O caminho trilhado nas Bandas Musicais veio na Escola Estadual João Bezerra, na capital Pernambucana. Dali em diante, Maestro Aldo só decolou. E foi na Banda Marcial do Ginásio Pernambucana que o Maestro conseguiu todo o apoio necessário para ser o que hoje é: um dos grandes nomes das Bandas Marciais do interior do Rio Grande do Norte.

Maestro fundador de duas Bandas Marciais no Rio Grande do Norte, a Banda Municipal de São Gonçalo do Amarante e a Banda Musical de Estenoses, ele trocou uma palavrinha com o Portal Brasil Sonoro. Confira!

Entrevista com Maestro Aldo: paixão, dedicação e futuro

1- Maestro, como está atualmente o cenário das Bandas Musicais no Brasil, na sua visão?

Hoje em dia as Bandas Musicais no Brasil apresentam grande diversidade em suas estruturas. Devido ao momento político instável vivido atualmente, há Bandas de Maestros que perderam o investimento das prefeituras. Isso a nível municipal. Já em nível estadual vemos um grande investimento e procuras pelo mesmo. Aqui, no Rio Grande do Norte, está se criando um grande projeto que visa a criação de Filarmônicas com incentivo do poder estadual.

2- Há muito carinho dos Maestros pelos trabalhos de luta e suor em busca dos incentivos para Bandas de Música. O amor é notório. Você, como Maestro, vê o brasileiro, num geral, como um apaixonado por música?

Graças a Deus! A variedade musical do Brasil auxilia nesse ponto. O carinho, os arranjos e as composições criadas são prova disso. Tanto espectadores como criados são públicos e produtores fiéis. Há uma participação muito grande da população. Aqui, em minha cidade (São Gonçalo do Amarante), o prefeito, Jaime Calado, é um apaixonado por música. Isso incentiva nosso trabalho, traz a população para perto e aproxima os eventos.

3- Seguindo essa linha das pessoas abraçando as Bandas e incentivando os trabalhos como um público presente: você vê a música como uma forma de transformação social?

A música é, sem dúvida, uma das atividades essenciais para a formação da identidade e da autonomia do humano e do jovem. É um instrumento que serve para o desenvolvimento do meio. Como desenvolvimento de um adulto. Promove conhecimento, crescimento e interação social. É, principalmente, uma forma de acessibilidade, de apresentação ao jovem marginalizado de um novo mundo.

4- Para encerrar a entrevista com Maestro, o Portal Brasil Sonoro pergunta: para você, Maestro Aldo, a carreira de música no Brasil vale a pena?

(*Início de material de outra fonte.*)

(* Let $p$ be an odd prime and let $a,b,c$ be positive integers such that $c$ is a primitive divisor of $p^a-1$ and $bc$ is a primitive divisor of $p^{ab}-1$. If $bc$ is odd, then $$\Gamma\Big(\tfrac{p^{ab}-1}{bc},\,p^{ab}\Big)\;\cong\;\vec{\square}^{\,b}\,\Gamma\Big(\tfrac{p^a-1}{c},\,p^a\Big),$$ the directed Cartesian product of $b$ copies of $\Gamma(\tfrac{p^a-1}{c},p^a)$.
   Context: An integer $e$ is a primitive divisor of $p^a-1$ if $e\mid p^a-1$ and $e\nmid p^t-1$ for every $1\le t<a$. For a prime power $q$ and $k\mid q-1$, the generalized Paley graph $\Gamma(k,q)$ is the Cayley digraph $\mathrm{Cay}(\mathbb{F}_q,R_k)$ with $R_k=\{x^k:x\in\mathbb{F}_q^*\}$: vertex set $\mathbb{F}_q$, with an arc from $u$ to $v$ iff $v-u\in R_k$ (two opposite arcs are regarded as one undirected edge). The directed Cartesian product $\Gamma_1\,\vec{\square}\cdots\vec{\square}\,\Gamma_b$ of digraphs has vertex set $V(\Gamma_1)\times\cdots\times V(\Gamma_b)$, with an arc from $(v_i)$ to $(w_i)$ iff there is exactly one $j$ with $v_jw_j$ an arc of $\Gamma_j$ and $v_i=w_i$ for all $i\ne j$. *)

From HB Require Import structures.
From mathcomp Require Import all_boot all_order all_algebra all_fingroup all_field.
Set Implicit Arguments. Unset Strict Implicit. Unset Printing Implicit Defensive.
Import GRing.Theory.

Definition primitive_divisor (e p a : nat) : Prop :=
  (e %| p ^ a - 1)%N /\ (forall t : nat, (0 < t)%N -> (t < a)%N -> ~~ (e %| p ^ t - 1)%N).

(* Arc relation of the generalized Paley digraph Gamma(k, F) = Cay(F, R_k),
   R_k = { x^k : x in F^* }: arc u -> v iff v - u in R_k. *)
Definition paley_arc (F : finFieldType) (k : nat) : rel F :=
  fun u v => [exists x : F, (x != 0)%R && (v - u == x ^+ k)%R].

Definition dcart_pow (V : finType) (e : rel V) (b : nat) : rel {ffun 'I_b -> V} :=
  fun f g =>
    #|[set j : 'I_b | e (f j) (g j) && [forall i : 'I_b, (i != j) ==> (f i == g i)]]| == 1%N.

Definition digraph_iso (V W : finType) (e1 : rel V) (e2 : rel W) : Prop :=
  exists phi : V -> W, bijective phi /\ forall u v, e1 u v = e2 (phi u) (phi v).
Arguments paley_arc : clear implicits.
Arguments dcart_pow V e b : clear implicits.

From HB Require Import structures.
From mathcomp Require Import all_boot all_order all_algebra all_fingroup all_field.
From mathcomp Require Import cyclic.

(* Write q = p^a and fix an embedding psi of K into F together with a
   primitive (bc)-th root of unity g in F.  Since bc is a primitive divisor of
   q^b - 1, the Frobenius conjugates g^(q^j), j < b, are pairwise distinct, so
   no nonzero polynomial of degree < b with coefficients in psi(K) vanishes at
   g: the map h |-> sum_i psi(h_i) g^i is an additive bijection K^b -> F.  Both
   connection sets are groups of roots of unity (of order bc in F, of order c
   in K), and as g^b generates the c-th roots of unity, the (bc)-th roots of
   unity are exactly the images of the vectors with one nonzero coordinate,
   which is a c-th root of unity.  Hence the bijection maps arcs to arcs. *)

Set Implicit Arguments.
Unset Strict Implicit.
Unset Printing Implicit Defensive.
Import GRing.Theory.
Open Scope ring_scope.

Lemma expf_card_pred (E : finFieldType) (x : E) : x != 0 -> x ^+ #|E|.-1 = 1.
Proof.
move=> x_nz; apply: (mulfI x_nz); rewrite -exprS prednK ?expf_card ?mulr1 //.
exact: ltnW (finNzRing_gt1 E).
Qed.

Lemma expf_cardX (E : finFieldType) (x : E) m : x ^+ (#|E| ^ m) = x.
Proof. by elim: m => [|m IHm]; rewrite ?expn0 // expnS mulnC exprM IHm expf_card. Qed.

Lemma finField_prim_root (E : finFieldType) (d : nat) :
  (d %| #|E|.-1)%N -> exists z : E, d.-primitive_root z.
Proof.
have E_gt1 := finNzRing_gt1 E.
have /hasP[u _ u_prim] : has (#|E|.-1).-primitive_root (enum [pred x : E | x != 0]).
  apply: has_prim_root; first by rewrite -ltnS prednK // ltnW.
  - by apply/allP => x; rewrite mem_enum unity_rootE => /expf_card_pred ->.
  - exact: enum_uniq.
  by rewrite -cardE cardC1.
by move=> d_dvd; exists (u ^+ (#|E|.-1 %/ d)); apply: dvdn_prim_root.
Qed.

Lemma expf_eq1_powers (E : finFieldType) d (x : E) : (d %| #|E|.-1)%N ->
  (x ^+ d == 1) = [exists y : E, (y != 0) && (x == y ^+ (#|E|.-1 %/ d))].
Proof.
move=> d_dvd; apply/idP/existsP => [/eqP xd1 | [y /andP[y_nz /eqP->]]].
  have [u u_prim] := finField_prim_root (dvdnn #|E|.-1).
  have [i ->] := prim_rootP (dvdn_prim_root u_prim d_dvd) xd1.
  exists (u ^+ i); rewrite -!exprM mulnC eqxx andbT expf_neq0 // (prim_root_eq0 u_prim).
  by rewrite -lt0n -subn1 subn_gt0 finNzRing_gt1.
by rewrite -exprM divnK // expf_card_pred.
Qed.

Lemma paley_arcE (E : finFieldType) d (u v : E) : (d %| #|E|.-1)%N ->
  paley_arc E (#|E|.-1 %/ d) u v = ((v - u) ^+ d == 1).
Proof. by move=> d_dvd; rewrite expf_eq1_powers. Qed.

Lemma dcart_powE (V : finType) (e : rel V) b f g : irreflexive e ->
  dcart_pow V e b f g =
    [exists j, e (f j) (g j) && [forall i, (i != j) ==> (f i == g i)]].
Proof.
move=> e_irr; apply/cards1P/existsP => [[j Sj] | [j /andP[e_j /forallP fg_j]]].
  by exists j; have := set11 j; rewrite -Sj inE.
exists j; apply/setP => k; rewrite !inE; apply/idP/eqP => [/andP[e_k _] | ->].
  apply/eqP; apply: contraTT e_k => k_j.
  by have /implyP/(_ k_j)/eqP-> := fg_j k; rewrite e_irr.
by rewrite e_j; apply/forallP.
Qed.

Section RmorphFactor.

Variables (A R S : nzRingType) (f : {rmorphism A -> R}) (g : {rmorphism A -> S}).
Hypotheses (f_onto : forall x, exists a, f a == x) (ker_fg : forall a, f a = 0 -> g a = 0).

Definition rmorph_factor of (forall a, f a = 0 -> g a = 0) :=
  fun x => g (xchoose (f_onto x)).
Local Notation h := (rmorph_factor ker_fg).

Lemma rmorph_factorE a : h (f a) = g a.
Proof.
apply/eqP; rewrite -subr_eq0 -rmorphB ker_fg // rmorphB.
by rewrite (eqP (xchooseP (f_onto (f a)))) subrr.
Qed.

Fact rmorph_factor_is_zmod_morphism : zmod_morphism h.
Proof.
move=> x y; have [[a /eqP<-] [b /eqP<-]] := (f_onto x, f_onto y).
by rewrite -rmorphB !rmorph_factorE rmorphB.
Qed.

Fact rmorph_factor_is_monoid_morphism : monoid_morphism h.
Proof.
split=> [|x y]; first by rewrite -(rmorph1 f) rmorph_factorE rmorph1.
have [[a /eqP<-] [b /eqP<-]] := (f_onto x, f_onto y).
by rewrite -rmorphM !rmorph_factorE rmorphM.
Qed.

HB.instance Definition _ := GRing.isZmodMorphism.Build R S h
  rmorph_factor_is_zmod_morphism.
HB.instance Definition _ := GRing.isMonoidMorphism.Build R S h
  rmorph_factor_is_monoid_morphism.

End RmorphFactor.

Lemma finField_genPoly_dvdp_root (E : finFieldType) (P : {poly E}) :
  (1 < size P)%N -> P %| 'X^#|E| - 'X -> exists x, root P x.
Proof.
rewrite finField_genPoly => P_gt1 /dvdp_prod_XsubC[m].
case: (mask m _) => [|x s] Pm.
  by move: P_gt1; rewrite (eqp_size Pm) big_nil size_poly1.
by exists x; rewrite (eqp_root Pm) root_prod_XsubC mem_head.
Qed.

Lemma finField_rmorph_exists (K F : finFieldType) p n :
  p \in [pchar K] -> p \in [pchar F] -> #|F| = (#|K| ^ n)%N ->
  inhabited {rmorphism K -> F}.
Proof.
(* A generator w of K^* is sent to a root z in F of its minimal polynomial
   over 'F_p, which exists as this polynomial divides 'X^#|F| - 'X. *)
move=> pK pF cardF; pose L := pPrimeCharType pK; pose M := pPrimeCharType pF.
have [w w_prim] := finField_prim_root (dvdnn #|K|.-1).
have [q Dq] := polyOver1P (minPolyOver 1 (w : L)).
have ker_w r : horner_alg (w : L) r = 0 -> q %| r.
  move=> rw0; rewrite -(dvdp_map (in_alg L)) -Dq minPoly_dvdp //.
    by apply/polyOver1P; exists r.
  exact/rootP.
have [z qz] : exists z : M, root (map_poly (in_alg M) q) z.
  apply: finField_genPoly_dvdp_root.
    by rewrite size_map_poly -(size_map_poly (in_alg L)) -Dq size_minPoly.
  have : q %| 'X^#|F| - 'X.
    by apply: ker_w; rewrite rmorphB rmorphXn /= horner_algX cardF expf_cardX subrr.
  by rewrite -(dvdp_map (in_alg M)) rmorphB rmorphXn /= map_polyX.
have onto_w (x : L) : exists r, horner_alg (w : L) r == x.
  have [-> | x_nz] := eqVneq x 0; first by exists 0; rewrite rmorph0.
  have [i ->] := prim_rootP w_prim (expf_card_pred x_nz).
  by exists 'X^i; rewrite rmorphXn /= horner_algX.
have ker_wz r : horner_alg (w : L) r = 0 -> horner_alg z r = 0.
  by move/ker_w/dvdpP => [s ->]; rewrite rmorphM /= [horner_alg z q](rootP qz) mulr0.
pose psi : {rmorphism L -> M} := rmorph_factor onto_w ker_wz.
by constructor; exact: psi.
Qed.

Lemma root_exp_pchar (R : comNzRingType) N (P : {poly R}) x :
  [pchar R].-nat N -> (forall i, P`_i ^+ N = P`_i) -> root P x -> root P (x ^+ N).
Proof.
move=> charN P_fixed; have /andP[N_gt0 _] := charN.
have exp0 : (0 : R) ^+ N = 0 by rewrite expr0n gtn_eqF.
rewrite !rootE => /eqP Px0; apply/eqP; rewrite -exp0 -{}Px0 !horner_coef.
rewrite (big_morph (fun y => y ^+ N) (fun y z => exprDn_pchar y z charN) exp0).
by apply: eq_bigr => i _; rewrite exprMn P_fixed -!exprM mulnC.
Qed.

Lemma conj_roots_poly_eq0 (R : idomainType) N n (P : {poly R}) x :
  [pchar R].-nat N -> (forall i, P`_i ^+ N = P`_i) -> (size P <= n)%N ->
  uniq [seq x ^+ (N ^ j) | j <- iota 0 n] -> root P x -> P = 0.
Proof.
move=> charN P_fixed sizeP conj_uniq Px0; apply/eqP; apply: contraTT sizeP => P_nz.
have roots_conj : all (root P) [seq x ^+ (N ^ j) | j <- iota 0 n].
  apply/allP => _ /mapP[j _ ->]; elim: j => [|j IHj]; first by rewrite expr1.
  by rewrite expnSr exprM root_exp_pchar.
have := max_poly_roots P_nz roots_conj conj_uniq.
by rewrite size_map size_iota -ltnNge.
Qed.

Lemma uniq_prim_root_conj (R : idomainType) m q n (z : R) :
  m.-primitive_root z -> (0 < q)%N -> coprime m q ->
  (forall t, (0 < t < n)%N -> ~~ (m %| q ^ t - 1)%N) ->
  uniq [seq z ^+ (q ^ j) | j <- iota 0 n].
Proof.
move=> z_prim q_gt0 mq_coprime q_ord; rewrite map_inj_in_uniq ?iota_uniq //.
move=> j1 j2; rewrite !mem_iota !add0n.
wlog le_j12 : j1 j2 / (j1 <= j2)%N => [wlog_le|_ /andP[_ j2_lt]].
  by case/orP: (leq_total j1 j2) => /wlog_le IH ? ? ?; [|apply/esym]; apply: IH.
move/eqP; rewrite (eq_prim_root_expr z_prim) eq_sym eqn_mod_dvd ?leq_pexp2l //.
have -> : (q ^ j2 - q ^ j1 = q ^ j1 * (q ^ (j2 - j1) - 1))%N.
  by rewrite mulnBr muln1 -expnD subnKC.
rewrite Gauss_dvdr ?coprimeXr // => m_dvd.
apply/eqP; rewrite eqn_leq le_j12 -subn_eq0 eqn0Ngt; apply/negP => t_gt0.
have t_lt : (j2 - j1 < n)%N := leq_ltn_trans (leq_subr _ _) j2_lt.
by have := q_ord (j2 - j1)%N; rewrite t_gt0 t_lt m_dvd => /(_ isT).
Qed.

Section PaleyCartesianPower.

Variables (K F : finFieldType) (psi : {rmorphism K -> F}) (b c : nat) (g : F).
Hypotheses (cardF : #|F| = (#|K| ^ b)%N) (c_dvd : (c %| #|K|.-1)%N)
  (g_prim : (b * c).-primitive_root g)
  (g_conj_uniq : uniq [seq g ^+ (#|K| ^ j) | j <- iota 0 b]).

Definition pow_comb (h : {ffun 'I_b -> K}) : F := \sum_(i < b) psi (h i) * g ^+ i.

Lemma pow_combB h1 h2 : pow_comb (h1 - h2) = pow_comb h1 - pow_comb h2.
Proof. by rewrite -sumrB; apply: eq_bigr => i _; rewrite !ffunE rmorphB mulrBl. Qed.

Lemma pow_comb_single j t :
  pow_comb [ffun i => if i == j then t else 0] = psi t * g ^+ j.
Proof.
rewrite /pow_comb (bigD1 j) //= ffunE eqxx big1 ?addr0 // => i /negbTE i_j.
by rewrite ffunE i_j rmorph0 mul0r.
Qed.

Lemma pow_comb_eq0 h : pow_comb h = 0 -> h = 0.
Proof.
move=> h0; set Q := Poly (fgraph h).
have coefQ (i : 'I_b) : Q`_i = h i by rewrite coef_Poly nth_fgraph_ord.
have sizeQ : (size (map_poly psi Q) <= b)%N.
  by rewrite size_map_poly (leq_trans (size_Poly _)) // size_tuple card_ord.
have charK : [pchar F].-nat #|K|.
  have [p _ pK] := finPcharP K.
  rewrite (eq_pnat _ (pcharf_eq (rmorph_pchar psi pK))) (card_pprimeChar pK).
  by rewrite pnatX pnat_id ?(pcharf_prime pK).
have Q_fixed i : (map_poly psi Q)`_i ^+ #|K| = (map_poly psi Q)`_i.
  by rewrite coef_map -rmorphXn expf_card.
have Q_root : root (map_poly psi Q) g.
  rewrite rootE (horner_coef_wide _ sizeQ) -[X in _ == X]h0; apply/eqP.
  by apply: eq_bigr => i _; rewrite coef_map coefQ.
have /eqP := conj_roots_poly_eq0 charK Q_fixed sizeQ g_conj_uniq Q_root.
by rewrite map_poly_eq0 => /eqP Q0; apply/ffunP => i; rewrite ffunE -coefQ Q0 coef0.
Qed.

Lemma pow_comb_bij : bijective pow_comb.
Proof.
apply: inj_card_bij; last by rewrite card_ffun card_ord cardF.
move=> h1 h2 /eqP; rewrite -subr_eq0 -pow_combB => /eqP/pow_comb_eq0/eqP.
by rewrite subr_eq0 => /eqP.
Qed.

Lemma pow_comb_unity d : (pow_comb d ^+ (b * c) == 1) =
  [exists j, (d j ^+ c == 1) && [forall i, (i != j) ==> (d i == 0)]].
Proof.
have [zeta zeta_prim] := finField_prim_root c_dvd.
apply/idP/existsP => [/eqP/(prim_rootP g_prim)[n dn] | [j /andP[/eqP dj1 dj0]]].
  have b_gt0 : (0 < b)%N.
    by have := prim_order_gt0 g_prim; rewrite muln_gt0 => /andP[].
  pose j := Ordinal (ltn_pmod n b_gt0).
  have gb_unity : ((g ^+ b) ^+ (n %/ b)) ^+ c = 1.
    by rewrite -!exprM mulnCA mulnC exprM (prim_expr_order g_prim) expr1n.
  have psi_zeta : c.-primitive_root (psi zeta) by rewrite fmorph_primitive_root.
  have [i gi] := prim_rootP psi_zeta gb_unity.
  have : pow_comb d = pow_comb [ffun k => if k == j then zeta ^+ i else 0].
    rewrite pow_comb_single dn rmorphXn -gi -exprM -exprD /=.
    by rewrite (mulnC b (n %/ b)%N) -divn_eq.
  move/(bij_inj pow_comb_bij) => ->; exists j.
  rewrite ffunE eqxx exprAC (prim_expr_order zeta_prim) expr1n eqxx /=.
  by apply/forallP => k; apply/implyP => /negbTE k_j; rewrite ffunE k_j.
have -> : d = [ffun i => if i == j then d j else 0].
  apply/ffunP => i; rewrite ffunE; case: eqVneq => [-> // | i_j].
  by apply/eqP; have /forallP/(_ i)/implyP := dj0; apply.
rewrite pow_comb_single exprMn -rmorphXn mulnC exprM dj1 expr1n rmorph1 mul1r.
by rewrite mulnC exprAC (prim_expr_order g_prim) expr1n.
Qed.

Theorem paley_iso_dcart_pow :
  digraph_iso (paley_arc F (#|F|.-1 %/ (b * c)))
              (dcart_pow K (paley_arc K (#|K|.-1 %/ c)) b).
Proof.
have bc_gt0 := prim_order_gt0 g_prim.
have bc_dvd : (b * c %| #|F|.-1)%N.
  by rewrite (prim_order_dvd g_prim) expf_card_pred // (prim_root_eq0 g_prim) -lt0n.
have arcK_irr : irreflexive (paley_arc K (#|K|.-1 %/ c)).
  move=> u; rewrite paley_arcE // subrr expr0n eq_sym gtn_eqF ?oner_eq0 //.
  by move: bc_gt0; rewrite muln_gt0 => /andP[].
have [Phi_inv PhiK PhiVK] := pow_comb_bij.
exists Phi_inv; split; first by exists pow_comb.
move=> x y; rewrite -{1}(PhiVK x) -{1}(PhiVK y).
move: (Phi_inv x) (Phi_inv y) => h1 h2.
rewrite paley_arcE // -pow_combB pow_comb_unity dcart_powE //.
apply: eq_existsb => j; rewrite paley_arcE // !ffunE; congr (_ && _).
by apply: eq_forallb => i; rewrite !ffunE subr_eq0 [h2 i == _]eq_sym.
Qed.

End PaleyCartesianPower.

Lemma coprime_dvd_expn_subn1 d m k :
  (0 < m)%N -> (0 < k)%N -> (d %| m ^ k - 1)%N -> coprime d m.
Proof.
move=> m_gt0 k_gt0 d_dvd; rewrite -(coprime_pexpr d m k_gt0).
by apply: coprime_dvdl d_dvd _; rewrite subn1 coprimePn // expn_gt0 m_gt0.
Qed.

Theorem mainTheorem2 (p a b c : nat) (F K : finFieldType) :
  prime p -> odd p -> (0 < a)%N -> (0 < b)%N -> (0 < c)%N ->
  primitive_divisor c p a ->
  primitive_divisor (b * c) p (a * b) ->
  odd (b * c) ->
  #|F| = (p ^ (a * b))%N -> #|K| = (p ^ a)%N ->
  digraph_iso (paley_arc F ((p ^ (a * b) - 1) %/ (b * c)))
              (dcart_pow K (paley_arc K ((p ^ a - 1) %/ c)) b).
Proof.
move=> p_pr _ a_gt0 b_gt0 _ [c_dvd _] [bc_dvd bc_prim] _ cardF cardK.
have cardFK : #|F| = (#|K| ^ b)%N by rewrite cardF cardK expnM.
have [psi] := finField_rmorph_exists (card_finPcharP cardK p_pr)
  (card_finPcharP cardF p_pr) cardFK.
have predF : #|F|.-1 = (p ^ (a * b) - 1)%N by rewrite cardF subn1.
have predK : #|K|.-1 = (p ^ a - 1)%N by rewrite cardK subn1.
have [g g_prim] : exists g : F, (b * c).-primitive_root g.
  by apply: finField_prim_root; rewrite predF.
have pa_gt0 : (0 < p ^ a)%N by rewrite expn_gt0 prime_gt0.
rewrite -predF -predK; apply: (paley_iso_dcart_pow psi cardFK _ g_prim).
  by rewrite predK.
have bc_coprime : coprime (b * c) (p ^ a).
  by apply: coprime_dvd_expn_subn1 pa_gt0 b_gt0 _; rewrite -expnM.
rewrite cardK; apply: uniq_prim_root_conj g_prim pa_gt0 bc_coprime _.
move=> t /andP[t_gt0 t_lt]; rewrite -expnM; apply: bc_prim.
  by rewrite muln_gt0 a_gt0.
by rewrite ltn_pmul2l.
Qed.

Primeiro isso parte do princípio daquele que quer seguir a carreira na música. Hoje nós temos diferentes tipos de músicos em relação a sua formação profissional. Infelizmente alguns deixam de lado a qualificação e permanecem num meio realizando trabalhos secundários que em nada agregam ao crescimento musical. Portanto, se a pessoa se dedicar, a profissão vigora, sim.

Nota do entrevistado

O município de São Gonçalo do Amarante foi um dos poucos municípios que realizou concurso específico para Professores de Música e Maestros de Banda. A intenção é criar mais Bandas no Município. A prefeitura chamou profissionais capacitados para a participação e realizou parcerias com o IFRN e a Escola de Música Municipal para ministrar aulas e cursos de música sob convênio. Um trabalho de grande agrado e exaltado pela comunidade musical.